Warm fuzzy riffs cut the airwaves throughout like a surf board carves a never-ending pipeline. Ecstatic solo breaks drift sporadically between the fuzz fueled chorus lines and bombastic percussion. Freedom Hawk breaks away from the shackles of musical mediocrity and migrates deep into your mind, becoming the pinnacle record of the 2015 Small Stone Records catalog as of mid-year. Full review


This album won me over immediately after seeing that Bloodshot records had signed them and were releasing their debut album on vinyl early in 2017. The band self-released the album digitally in 2016, and was officially released by Bloodshot in 2017. I played this album more than any other albums the year of discovery. My kids loved the album, my then 8-year old daughter made special requests for the album and so on and so forth. Its country music, but it’s also punk rock. The band are outlaw as it gets, and the songwriting is witty and unforgiving. I love music that incorporates a solid one-liner type mentality that both speaks the truth as well as hits the melody and groove of the music. I fell hard for this album and rank it right up there fighting against the heavy rock and metal releases.



Spidergawd is a band that I was relatively late to the game in really getting into. Part of me believes it’s the simple fact that they have resisted putting their material on bandcamp which makes it inconvenient to listen to frequently. The latest album and 4th for the band is arguably their strongest effort to date. They have always been able to be distinguish themselves from the pack by clever usage of the saxophone and they absolutely blew my mind with the latest album. With heavy punk rock hooks, stoner fueled blues, and a psychedelic balladry through and through, IV kept the hairs on end up my neck each and every listen. Combine that with the trippy artwork and thick vinyl package available via the Stickman Records shop and you have yourself a winner.

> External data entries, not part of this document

(* Fix a constant $c\ge 10$. Consider the random pairwise load balancing process on $n\ge2$ nodes, where tokens are moved in skip mode. Let $t$ be a time step and condition on any history up to time $t$ for which $t\ge T_1$. Let $b$ be a token whose normalized height satisfies $\hat h_b(t)>2c$. Then, conditionally on this history, with probability at least $1/n$ we have $\hat h_b(t+1)\le \frac{17}{20}\,\hat h_b(t)$.
   Context: Random pairwise load balancing process: $n$ nodes, $m$ tokens, load vector $\ell(t)\in\mathbb{Z}^n$. In each time step $t$, independently, an ordered pair $(u,v)$ of distinct nodes is chosen uniformly at random and loads become $\ell_u(t+1)=\lceil(\ell_u(t)+\ell_v(t))/2\rceil$, $\ell_v(t+1)=\lfloor(\ell_u(t)+\ell_v(t))/2\rfloor$. Average load $\varnothing=m/n$, $\mathrm{round}(\varnothing)$ is $\varnothing$ rounded to the nearest integer, and $\Phi(\ell)=\sum_i(\ell_i-\varnothing)^2$. $T_1$ is the first time $t$ with $\Phi(\ell(t))<n$. For the analysis, tokens on each node are kept in a linear (stack) order; the height $h_b(t)$ of token $b$ is the number of tokens preceding (below) $b$ on its node, and the normalized height is $\hat h_b(t)=h_b(t)-\mathrm{round}(\varnothing)$. Skip mode: when $k$ tokens must move from the node with larger load to the node with smaller load, the moved tokens are chosen starting from the topmost token of the larger node and taking every second token downward (top, third from top, fifth from top, …) until $k$ tokens are selected; these are then placed on top of the receiving node in their original relative order, and the remaining tokens of the larger node keep their relative order. *)

From HB Require Import structures.
From mathcomp Require Import all_boot all_order all_algebra.
Set Implicit Arguments. Unset Strict Implicit. Unset Printing Implicit Defensive.
Import Order.TTheory GRing.Theory Num.Theory.

(* A configuration of the process on n nodes: each node carries a stack of
   tokens (tokens are named by natural numbers), listed from BOTTOM to TOP. *)
Definition config (n : nat) := 'I_n -> seq nat.

Section Defs.
Variable n : nat.
Implicit Types (cfg : config n).

Definition load cfg (i : 'I_n) : nat := size (cfg i).

Definition ntokens cfg : nat := \sum_(i < n) load cfg i.

Definition avg cfg : rat := (ntokens cfg)%:R / n%:R.

Definition Phi cfg : rat := \sum_(i < n) ((load cfg i)%:R - avg cfg) ^+ 2.

(* round(avg): m/n rounded to the nearest integer (ties rounded up),
   i.e. floor(m/n + 1/2) = floor((2m + n) / (2n)). *)
Definition round_avg cfg : nat := ((ntokens cfg).*2 + n) %/ (n.*2).

(* height of token b: number of tokens below b on its node (0 if absent) *)
Definition height cfg (b : nat) : nat :=
  match [pick i | b \in cfg i] with
  | Some i => index b (cfg i)
  | None => 0
  end.

Definition nheight cfg (b : nat) : rat :=
  (height cfg b)%:R - (round_avg cfg)%:R.

End Defs.

(* Skip mode selection: in a stack s of size L (bottom-to-top), the k moved
   tokens are the top one, the third from top, the fifth from top, ...;
   position i (from bottom) is selected iff L-1-i is even and L-1-i < 2k. *)
Definition skip_sel (L k : nat) : bitseq :=
  mkseq (fun i => odd (L - i) && (L - i <= k.*2)) L.

Definition moved (s : seq nat) (k : nat) : seq nat :=
  mask (skip_sel (size s) k) s.

Definition kept (s : seq nat) (k : nat) : seq nat :=
  mask (map negb (skip_sel (size s) k)) s.

(* One step of the process with the chosen ordered pair (u, v), u != v:
   l_u' = ceil((l_u+l_v)/2), l_v' = floor((l_u+l_v)/2), tokens moved from
   the larger node to the smaller in skip mode, placed on top of the
   receiving stack in their original relative order. *)
Definition step (n : nat) (cfg : config n) (u v : 'I_n) : config n :=
  let lu := size (cfg u) in
  let lv := size (cfg v) in
  if lv <= lu then
    let k := (lu - lv)./2 in
    fun i => if i == u then kept (cfg u) k
             else if i == v then cfg v ++ moved (cfg u) k
             else cfg i
  else
    let k := uphalf (lv - lu) in
    fun i => if i == v then kept (cfg v) k
             else if i == u then cfg u ++ moved (cfg v) k
             else cfg i.

Definition pair_prob (n : nat) (E : 'I_n -> 'I_n -> bool) : rat :=
  (#|[set p : 'I_n * 'I_n | (p.1 != p.2) && E p.1 p.2]|)%:R / (n * n.-1)%:R.

(* Since the average load is below round(avg) + 1/2, a node of load at least
   round(avg) + 13 contributes more than 144 to Phi; as Phi < n, fewer than
   n/144 nodes are that heavy.  Let h >= round(avg) + 21 be the height of b on
   its node w.  Pairing w, in either order, with a light node v (load at most
   round(avg) + 12) moves about (l_w - l_v)/2 tokens from w to v, and in skip
   mode every second position from about l_v upwards is moved; so whether b
   stays or moves its new height is at most (h + l_v + 2)/2.  The number of
   tokens is conserved, so round(avg) does not change and the normalized height
   becomes at most (hat h + 14)/2 <= 17/20 hat h, as hat h >= 20.  The
   2 (n - #heavy) >= n - 1 such ordered pairs have probability at least 1/n. *)

From HB Require Import structures.
From mathcomp Require Import all_boot all_order all_algebra.
From mathcomp Require Import zify lra.
Import Order.TTheory GRing.Theory Num.Theory.

Set Implicit Arguments.
Unset Strict Implicit.

Lemma index_mask (T : eqType) (m : bitseq) (s : seq T) x :
  size m = size s -> uniq s -> x \in mask m s ->
  index x (mask m s) = count id (take (index x s) m).
Proof.
elim: s m => [|y s IH] [|a m] //= [sz] /andP [ys us].
have [<-|xy] := eqVneq y x.
  by case: a => /= [|/mem_mask]; rewrite ?eqxx // (negbTE ys).
case: a => /=; last exact: IH.
by rewrite in_cons eq_sym (negbTE xy) => /IH ->.
Qed.

Lemma uniq_flatten_mem (T : eqType) (ss : seq (seq T)) s :
  uniq (flatten ss) -> s \in ss -> uniq s.
Proof.
elim: ss => //= x ss IH; rewrite cat_uniq in_cons => /and3P [ux _ uss].
by case/orP => [/eqP ->|]; last exact: IH.
Qed.

Lemma count_take_skip_sel L k h : h <= L ->
  count id (take h (skip_sel L k)) = uphalf (minn k.*2 L) - uphalf (L - h).
Proof.
move=> hL; rewrite /skip_sel /mkseq -map_take take_iota (minn_idPl hL) count_map.
elim: h hL => [|h IH] hL.
  by rewrite subn0 /=; have := uphalf_leq (geq_minr k.*2 L); lia.
rewrite -addn1 iotaD count_cat IH ?(ltnW hL) //= add0n addn0.
have := uphalf_half (L - h); have := uphalf_half (L - h.+1).
have := uphalf_half (minn k.*2 L).
case: (boolP (L - h <= k.*2)) => hk; rewrite ?andbT ?andbF /=.
- have /uphalf_leq : L - h <= minn k.*2 L by lia.
  lia.
- have /uphalf_leq : minn k.*2 L <= L - h.+1 by lia.
  lia.
Qed.

(* Below position [h], skip mode selects every second position from about
   [L - k.*2], i.e. from about [lx], upwards. *)
Lemma count_take_skip_sel_bounds L lx h k :
  lx < h -> h <= L -> L - lx <= k.*2.+1 -> k.*2 <= (L - lx).+1 ->
  h <= (count id (take h (skip_sel L k))).*2 + lx + 2 /\
  (count id (take h (skip_sel L k))).*2 + lx <= h + 2.
Proof.
move=> lxh hL kl kr; rewrite count_take_skip_sel //.
have half2 y : y <= (uphalf y).*2 <= y.+1 by rewrite uphalfK; case: odd; lia.
have /uphalf_leq : L - h <= minn k.*2 L by lia.
have := half2 (minn k.*2 L); have := half2 (L - h).
move: (uphalf (minn k.*2 L)) (uphalf (L - h)) => U V; lia.
Qed.

Lemma size_skip_sel L k : size (skip_sel L k) = L.
Proof. exact: size_mkseq. Qed.

Lemma size_kept_moved s k : size (kept s k) + size (moved s k) = size s.
Proof.
rewrite /kept /moved !size_mask ?size_map ?size_iota ?size_skip_sel //.
by rewrite count_map addnC count_predC size_skip_sel.
Qed.

Lemma index_moved s k b : uniq s -> b \in moved s k ->
  index b (moved s k) = count id (take (index b s) (skip_sel (size s) k)).
Proof. by move=> us bm; rewrite index_mask ?size_skip_sel. Qed.

Lemma index_kept s k b : uniq s -> b \in kept s k ->
  index b (kept s k) = index b s - count id (take (index b s) (skip_sel (size s) k)).
Proof.
move=> us bk; rewrite index_mask ?size_map ?size_iota ?size_skip_sel //.
rewrite -(map_take _ negb) count_map.
set l := take _ (skip_sel _ _).
have := count_predC id l; rewrite size_takel ?size_skip_sel ?index_size //.
by have -> : count (preim negb id) l = count (predC id) l by []; lia.
Qed.

Lemma contraction_17_20 (R : realFieldType) (h h' r : nat) :
  h'.*2 <= h + r + 14 -> r + 20 <= h ->
  (h'%:R - r%:R <= 17 / 20 * (h%:R - r%:R) :> R)%R.
Proof.
by rewrite -!(ler_nat R) -addnn !natrD => h'le hge; lra.
Qed.

Section Transfer.
Variables (n : nat) (cfg : config n).
Hypothesis cfg_uniq : uniq (flatten [seq cfg i | i <- enum 'I_n]).

Lemma uniq_node i : uniq (cfg i).
Proof. by apply: uniq_flatten_mem cfg_uniq _; apply: map_f; rewrite mem_enum. Qed.

Lemma token_node_inj b i j : b \in cfg i -> b \in cfg j -> i = j.
Proof.
move=> bi bj; apply/eqP/negPn/negP => ij.
have := count_uniq_mem b cfg_uniq.
rewrite count_flatten sumnE !big_map (bigD1 i) //= (bigD1 j) 1?eq_sym //=.
have ci : 0 < count_mem b (cfg i) by rewrite -has_count has_pred1.
have cj : 0 < count_mem b (cfg j) by rewrite -has_count has_pred1.
move: ci cj; case: (_ \in _) => /=; lia.
Qed.

Lemma height_eq_index w b : b \in cfg w -> height cfg b = index b (cfg w).
Proof.
move=> bw; rewrite /height; case: pickP => [i bi|/(_ w)]; last by rewrite bw.
by rewrite (token_node_inj bi bw).
Qed.

(* Both orientations of [step] on a pair move tokens from the heavier node
   [w] to the lighter node [x]; only the number [k] of moved tokens differs. *)
Definition transfer (w x : 'I_n) (k : nat) : config n :=
  fun i => if i == w then kept (cfg w) k
           else if i == x then cfg x ++ moved (cfg w) k else cfg i.

Lemma ntokens_transfer w x k : x != w -> ntokens (transfer w x k) = ntokens cfg.
Proof.
move=> xw; rewrite /ntokens (bigD1 w) // (bigD1 x xw) /= [RHS](bigD1 w) // (bigD1 x xw) /=.
rewrite /load /transfer eqxx (negbTE xw) eqxx size_cat -(size_kept_moved (cfg w) k).
rewrite (eq_bigr (fun i => size (cfg i))); first lia.
by move=> i /andP [/negbTE -> /negbTE ->].
Qed.

Lemma height_transfer w x k b :
  x != w -> b \in cfg w -> size (cfg x) < index b (cfg w) ->
  size (cfg w) - size (cfg x) <= k.*2.+1 -> k.*2 <= (size (cfg w) - size (cfg x)).+1 ->
  (height (transfer w x k) b).*2 <= index b (cfg w) + size (cfg x) + 2.
Proof.
move=> xw bw xb kl kr.
have hL : index b (cfg w) <= size (cfg w) by rewrite index_size.
have := count_take_skip_sel_bounds xb hL kl kr.
rewrite /height /transfer; case: pickP => [i|_]; last lia.
case: (i =P w) => [_ bk|iw].
  by rewrite index_kept ?uniq_node //; set S := count id _; lia.
have bx : b \notin cfg x by apply: contra_neqN xw => bx; rewrite (token_node_inj bx bw).
case: (i =P x) => [_ bm|_ bi]; last by case: iw; apply: token_node_inj bi bw.
rewrite mem_cat (negbTE bx) /= in bm.
rewrite index_cat (negbTE bx) index_moved ?uniq_node //.
by set S := count id _; set lx := size (cfg x); set h := index b (cfg w); lia.
Qed.

Lemma step_to_lighter u v : size (cfg v) < size (cfg u) ->
  step cfg u v = transfer u v (size (cfg u) - size (cfg v))./2.
Proof. by move=> vu; rewrite /step ltnW. Qed.

Lemma step_from_lighter u v : size (cfg u) < size (cfg v) ->
  step cfg u v = transfer v u (uphalf (size (cfg v) - size (cfg u))).
Proof. by move=> uv; rewrite /step leqNgt uv. Qed.

Lemma nheight_transfer_contraction w x k b :
  x != w -> b \in cfg w ->
  size (cfg w) - size (cfg x) <= k.*2.+1 -> k.*2 <= (size (cfg w) - size (cfg x)).+1 ->
  size (cfg x) <= round_avg cfg + 12 -> round_avg cfg + 21 <= index b (cfg w) ->
  (nheight (transfer w x k) b <= 17 / 20 * nheight cfg b)%R.
Proof.
move=> xw bw kl kr xlight bhigh.
have xb : size (cfg x) < index b (cfg w) by lia.
have := height_transfer xw bw xb kl kr.
rewrite /nheight /round_avg (ntokens_transfer _ xw) -/(round_avg cfg) (height_eq_index bw).
by move=> h'; apply: contraction_17_20; lia.
Qed.

Lemma nheight_step_contraction w v b :
  b \in cfg w -> size (cfg v) <= round_avg cfg + 12 ->
  round_avg cfg + 21 <= index b (cfg w) ->
  (nheight (step cfg w v) b <= 17 / 20 * nheight cfg b)%R /\
  (nheight (step cfg v w) b <= 17 / 20 * nheight cfg b)%R.
Proof.
move=> bw vlight bhigh.
have bsize : index b (cfg w) <= size (cfg w) by rewrite index_size.
have vw : size (cfg v) < size (cfg w) by lia.
have vnw : v != w by apply: contraTneq vw => ->; rewrite ltnn.
rewrite step_to_lighter ?step_from_lighter; [|exact: vw..].
by split; apply: nheight_transfer_contraction => //; lia.
Qed.

End Transfer.

Local Open Scope ring_scope.

Lemma avg_lt_round_avg n (cfg : config n) : (0 < n)%N ->
  avg cfg < (round_avg cfg)%:R + 1 / 2.
Proof.
move=> n0; rewrite /avg /round_avg; set m := ntokens cfg.
have := @ltn_ceil (m.*2 + n) n.*2; rewrite double_gt0 => /(_ n0).
rewrite -(ltr_nat rat) -!addnn !natrD natrM !natrD ltr_pdivrMr ?ltr0n //.
set q := _%:R; lra.
Qed.

Lemma card_heavy_nodes n (cfg : config n) : (0 < n)%N ->
  (144 * #|[set i | (round_avg cfg + 13 <= load cfg i)%N]|)%:R <= Phi cfg.
Proof.
move=> n0; have avgr := avg_lt_round_avg cfg n0.
rewrite natrM mulr_natr -sumr_const big_mkcond /=.
apply: ler_sum => i _; rewrite inE.
case: ifP => [heavy|_]; last exact: sqr_ge0.
rewrite expr2; move: heavy; rewrite -(ler_nat rat) natrD => heavy; nra.
Qed.

Lemma pair_prob_ge_inv n (E : 'I_n -> 'I_n -> bool) : (1 < n)%N ->
  (n.-1 <= #|[set p : 'I_n * 'I_n | (p.1 != p.2) && E p.1 p.2]|)%N ->
  n%:R^-1 <= pair_prob E.
Proof.
move=> n1 goodE; rewrite /pair_prob ler_pdivlMr ?ltr0n ?muln_gt0; last lia.
rewrite natrM mulrA mulVf ?pnatr_eq0 -?lt0n ?mul1r ?ler_nat //; lia.
Qed.

Lemma card_star_pairs (T : finType) (w : T) (A : {set T}) : w \notin A ->
  #|setX [set w] A :|: setX A [set w]| = (#|A| + #|A|)%N.
Proof.
move=> wA; rewrite cardsU !cardsX cards1 mul1n muln1.
suff -> : setX [set w] A :&: setX A [set w] = set0 by rewrite cards0 subn0.
apply/setP => -[p1 p2]; rewrite !inE /=.
by apply/negP => /andP [/andP [/eqP -> _] /andP [wA1 _]]; rewrite wA1 in wA.
Qed.

Theorem lemma3 (c : rat) (n : nat) (cfg : config n) (b : nat) :
  10 <= c ->
  (2 <= n)%N ->
  uniq (flatten [seq cfg i | i <- enum 'I_n]) ->
  b \in flatten [seq cfg i | i <- enum 'I_n] ->
  Phi cfg < n%:R ->
  2 * c < nheight cfg b ->
  n%:R^-1 <= pair_prob (fun u v => nheight (step cfg u v) b <= (17 / 20) * nheight cfg b).
Proof.
move=> c10 n2 cfg_uniq /flatten_mapP [w _ bw] Phi_small b_high.
set r := round_avg cfg; set heavy := [set i | (r + 13 <= load cfg i)%N].
have bw_high : (r + 21 <= index b (cfg w))%N.
  move: b_high; rewrite /nheight (height_eq_index cfg_uniq bw) -/r => b_high.
  suff : (r + 20 < index b (cfg w))%N by lia.
  by rewrite -(ltr_nat rat) natrD; lra.
have few_heavy : (144 * #|heavy| < n)%N.
  by rewrite -(ltr_nat rat); apply: le_lt_trans Phi_small; apply: card_heavy_nodes; lia.
have w_heavy : w \in heavy.
  by rewrite inE (leq_trans _ (leq_trans bw_high (index_size b (cfg w)))) ?leq_add2l.
have star_good : setX [set w] (~: heavy) :|: setX (~: heavy) [set w] \subset
    [set p | (p.1 != p.2) && (nheight (step cfg p.1 p.2) b <= 17 / 20 * nheight cfg b)].
  apply/subsetP => -[u v]; rewrite in_setU !in_setX !in_set1 !in_setC /= [in X in _ -> X]inE /=.
  have light x : x \notin heavy -> (size (cfg x) <= r + 12)%N /\ x != w.
    by move=> xl; split; [move: xl; rewrite inE /load; lia | apply: contraNneq xl => ->].
  case/orP => /andP [] => [/eqP -> /light [vl vw] | /light [ul uw] /eqP ->].
    by rewrite eq_sym vw; case: (nheight_step_contraction cfg_uniq bw vl bw_high).
  by rewrite uw; case: (nheight_step_contraction cfg_uniq bw ul bw_high).
apply: pair_prob_ge_inv => //; apply: leq_trans (subset_leq_card star_good).
rewrite card_star_pairs; last by rewrite in_setC negbK.
by move: few_heavy; have := cardsC heavy; rewrite card_ord; lia.
Qed.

Where does one start with the band Sasquatch. Not only are they great dudes all around, but they put out an album of a career in 2017 I felt obligatory to include in a decade where hard rock and roll really gained some momentum in the underground realm. Sasquatch have put out a ton of records all of which are valiant and 3 this decade. With Maneuvers, however, I feel the boys really wrote what could be considered their strongest album yet, and it shows their growth as a heavy rock band.

Sasquatch successfully maneuvers its way through a perilous flat spin of grandiose fuzz. Powered by progressive stoner distortia and state of the art vocal delivery, the bearded beast of the desert engages its target and deploys a massive assault of absolute riffage.


What more can I say about this band. I reviewed it in full and it quickly became one of my prized finds of the last decade of scavenging the depths of the internet for music. Again, another band featured over at Stickman Records, I scooped up their entire discography including singles and splits shipped from overseas. That alone is a testament to its marvel and solidifies it as one of my favorites of the 2017 and of the entire decade of the 2000 teens.

https://open.spotify.com/album/7oibvoJKJp8KecLeA86yjc
The Sheepdogs claimed the throne of my album of the year in 2018, hence deserve a mention here on my decade favorite. I was raised on Hotel California by the Eagles and The Sheepdogs are to The Eagles, as Slow Season is to Zeppelin. There are so much resemblance going on, but the intent is both original and passionate keeping it from falling into that clone category. The vocal harmonies are amazing, full orchestrated band with brass, keys, and multiple guitars, The Sheepdogs from Canada, prove they are among the best in rock and roll and have since toured with well-known acts such as Rival Sons. From the reviews I read, the fans of Rival Sons were blown away if they came early to catch these crazy Canucks. This album speaks to me both lyrically and sonically and will remain one of my favorites of the decade. Also, notable, is their past discography. They don’t have a bad song.